Don’t use a flash and mute the shutter sound on your phone.
Otherwise, taking pictures is usually permissible, though Buckton recommends taking one as a test and gauging the reaction of the wrestlers before continuing.
“If you’re leaving near the end of practice, you might see wrestlers milling around outside,” he says. “Go speak to them if you want a picture with the big guys.
“They look scary, but they’re softies, and they’ll almost always say yes.”
What’s it cost?
By and large, the only thing a trip to the sumo stables should cost is the metro fare to Ryogoku.

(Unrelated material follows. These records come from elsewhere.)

(* A point of R^n (n >= 1) is nowhere dense: its closure is itself, which contains
   no ball. *)
Lemma singleton_nowhere_dense (n : nat) (p : Vec n) :
  (1 <= n)%nat -> nowhere_dense (fun y => y = p).
Proof.
move=> hn x [r [hr Hr]].
have closure_p z : closure (fun y => y = p) z -> z = p.
  move=> Hz; apply: functional_extensionality => i; apply: NNPP => nz.
  have [y [-> /(_ i) hy]] := Hz (Rabs (p i - z i)) (Rabs_pos_lt _ (Rminus_eq_contra _ _ (not_eq_sym nz))).
  by move: hy; apply: Rlt_irrefl.
pose i0 := Ordinal hn.
pose y i := if i == i0 then x i + r / 2 else x i.
have ball_y : ball x r y.
  move=> i; rewrite /y; case: (i == i0)%B; last by rewrite Rminus_diag Rabs_R0.
  by rewrite Rplus_minus_l Rabs_right; lra.
have ball_x : ball x r x by move=> i; rewrite Rminus_diag Rabs_R0.
have := f_equal (fun z => z i0) (closure_p _ (Hr _ ball_y)).
rewrite -(closure_p _ (Hr _ ball_x)) /y eqxx; lra.
Qed.

Lemma enumerable_meager (n : nat) (A : vset n) :
  (1 <= n)%nat -> enumerable A -> meager A.
Proof.
move=> hn [e He]; exists (fun k y => y = e k); split.
- by move=> k; apply: singleton_nowhere_dense.
- by move=> x /He [k <-]; exists k.
Qed.

Fixpoint lincomb {n : nat} (l : list (Q * Vec n)) : Vec n :=
  match l with
  | nil => vzero n
  | (q, a) :: l => vadd (vscale (Q2R q) a) (lincomb l)
  end.

Definition vectors_in {n : nat} (A : vset n) (l : list (Q * Vec n)) : Prop :=
  forall qa, List.In qa l -> A (snd qa).

Definition span {n : nat} (A : vset n) : vset n :=
  fun x => exists l, vectors_in A l /\ x = lincomb l.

That said, there are several companies that have popped up in recent years charging exorbitant fees to sit in and watch a practice. Buckton’s advice: Don’t pay.
“Sometimes the stables will have morning practice, finish, then put on a fake practice for tourists,” he says.
“They’ll do a few dramatic throws and charge a couple of hundred dollars to eat with the wrestlers, but that’s gimmicky. It’s not the real world of sumo.”
Furthermore, he says the guides associated with these types of tours aren’t always sumo experts.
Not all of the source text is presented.